Thanks to the collected wisdom of the greatest literary minds of the world, here are just 12 (of many) unwritten laws of being a writer.
The worse the pain, the better the writing
The best works are completed while drowned in complete sorrow, all-consuming pain and utter despair.
A good writer always writes through his pain, leaking the truths and woes that come with from real emotion. The words should cut the reader, soaking them in the very pain the writer just bled onto the page.
The greatest works of literature, music and art are bred from pain. It’s the sad, lonely, depressed, repressed, heartbroken and abused who use the paper as a cloth to soak up the blood leaking from them.
Experience everything but accept nothing
Listen, absorb and participate in the world around you, but never let it define you. Never accept what’s around you as the truth, but find your own. Be in constant struggle against everything you know.
Charles Bukowski said, “Writers are desperate people and when they stop being desperate they stop being writers.” Because writing is a constant conversion of one’s desperation into actuation.
The masses are your worst enemy
Deeply affecting one person, changing who that person is, how he looks at life and how he will define himself around your truths is much more important than appeasing the masses.
The greatest writers of the world are just looking to be understood by the right people, looking for ones who will convert their words into something more, something meaningful.

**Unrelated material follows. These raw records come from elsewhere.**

Lemma is_minpoly_im (F L : fieldType) (iota : {rmorphism F -> L}) (c : F) p :
  is_minpoly iota (iota c) p -> p = 'X - c%:P.
Proof.
move=> p_min; apply: (is_minpoly_eq p_min); rewrite ?monicXsubC //.
  by rewrite map_polyXsubC root_XsubC.
by rewrite size_XsubC (is_minpoly_size_gt1 p_min).
Qed.

Section QuadraticExtension.
Variables (F L : finFieldType) (iota : {rmorphism F -> L}) (q : nat).
Hypotheses (card_F : #|F| = q) (card_L : #|L| = (q ^ 2)%N).

Lemma q_gt1 : (1 < q)%N.
Proof. by rewrite -card_F finNzRing_gt1. Qed.

Lemma expr_q2 (x : L) : x ^+ (q ^ 2) = x.
Proof. by rewrite -card_L expf_card. Qed.

Lemma expr_qK (x : L) : (x ^+ q) ^+ q = x.
Proof. by rewrite -exprM mulnn expr_q2. Qed.

Lemma exprD_q (x y : L) : (x + y) ^+ q = x ^+ q + y ^+ q.
Proof.
have [p p_pr p_char] := finPcharP F.
have p_charL : p \in [pchar L] by rewrite (fmorph_pchar iota).
apply: exprDn_pchar; rewrite (eq_pnat _ (pcharf_eq p_charL)).
by rewrite -card_F (card_pprimeChar p_char) pnatX pnat_id.
Qed.

Lemma expr_q_rmorph (c : F) : iota c ^+ q = iota c.
Proof. by rewrite -rmorphXn -card_F expf_card. Qed.

Lemma expr_q_fixed (x : L) : x ^+ q = x -> exists c, x = iota c.
Proof.
move=> x_fixed.
have gen_map : map_poly iota ('X^#|F| - 'X) =
    \prod_(a <- map iota (enum F)) ('X - a%:P).
  rewrite finField_genPoly rmorph_prod big_map big_enum /=.
  by apply: eq_bigr => c _; rewrite map_polyXsubC.
have : root (map_poly iota ('X^#|F| - 'X)) x.
  by rewrite rmorphB /= map_polyXn map_polyX rootE !hornerE card_F x_fixed subrr.
by rewrite gen_map root_prod_XsubC => /mapP [c _ ->]; exists c.
Qed.

Lemma conjugate_poly_over (y : L) : exists r : {poly F},
  map_poly iota r = ('X - y%:P) * ('X - (y ^+ q)%:P).
Proof.
have [s def_s] : exists s, y + y ^+ q = iota s.
  by apply: expr_q_fixed; rewrite exprD_q expr_qK addrC.
have [t def_t] : exists t, y * y ^+ q = iota t.
  by apply: expr_q_fixed; rewrite exprMn expr_qK mulrC.
exists ('X^2 - s%:P * 'X + t%:P).
rewrite rmorphD rmorphB rmorphXn rmorphM /= map_polyX !map_polyC /=.
by rewrite -def_s -def_t polyCD polyCM; ring.
Qed.

Lemma is_minpoly_conjugate (y : L) p : y ^+ q != y -> is_minpoly iota y p ->
  map_poly iota p = ('X - y%:P) * ('X - (y ^+ q)%:P).
Proof.
move=> y_unfixed p_min; have [r map_r] := conjugate_poly_over y.
have r_monic : r \is monic by rewrite -(map_monic iota) map_r rpredM ?monicXsubC.
have r_y : root (map_poly iota r) y by rewrite map_r rootM root_XsubC eqxx.
have size_r : size r = 3%N.
  by rewrite -(size_map_poly iota) map_r size_mul ?polyXsubC_eq0 // !size_XsubC.
have size_p_neq2 : size p != 2.
  apply: contra y_unfixed => /eqP/(is_minpoly_size2 p_min) ->.
  by rewrite expr_q_rmorph.
have le_pr : (size p <= size r)%N.
  by rewrite dvdp_leq ?monic_neq0 ?(is_minpoly_dvdp p_min).
rewrite -map_r (is_minpoly_eq p_min r_monic r_y) //.
by move: le_pr (is_minpoly_size_gt1 p_min) size_p_neq2; rewrite size_r; lia.
Qed.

Because there is no glory is acceptance, only transcendence.
Those moments you "can't" prove who really "can"
Great writing does not always pour out, sometimes it must be chiseled, prodded and scraped together. It’s not going to come day after day, night after night.
The moments when you must dig down, deep inside you and find the right words, the perfect sentences and the simplest way to express your most befuddled thoughts are what makes it a job, not just a passion.
State your truth and get out
Writers are supposed to be the honest ones of the world. They are the quiet observers who say how they feel and hold our hands in the dark. They tread the unformed paths and lead us to new insights and awakenings.
They are not politicians or salesmen, there is no hidden agenda or price to be made. There is no other purpose of writing than to tell people your truth and leave.
Fame is never first
Writing for fame is like pissing for attention… You never get the kind you want and will just end up covered in stink. A writer writes because there’s nothing else to do. It’s his greatest passion and only purpose.
He writes to share, to ease the pain of others while also healing his own. Fame is a byproduct that only those undistracted by it can achieve.
Writing is only as good as reading
Absorb the truths of others before stating your own. Like going out and filling up on experiences and personal stories, reading gives you all of that without the scars.
Writers are not jealous, but hungry. They want to read and experience the lives of others as much as they want to tell their own.
You've got to find your own style
Unlike most professions, writing does not subscribe to one system. There is no one way of writing -- one style, one formula, one proven method.
There are as many ways to write as there are words to create and mold into sentences. The liberation of the profession comes with the idea that you don’t have to follow the beat of those before you or around you.
Stop only when you can’t breathe
It’s not just a job, it’s a livelihood. It’s a purpose and a higher meaning. It’s the only bit of reality writers can trust. A true writer never runs out of things to say, because there is purpose and there is meaning in everything.
If you’re a writer, declare yourself one, no matter how good or how shy. Because writers are not defined by how many click they get or dollars per word, but by the all-consuming desires to put words on page. To stop writing isn’t to just stop working, it’s to stop living.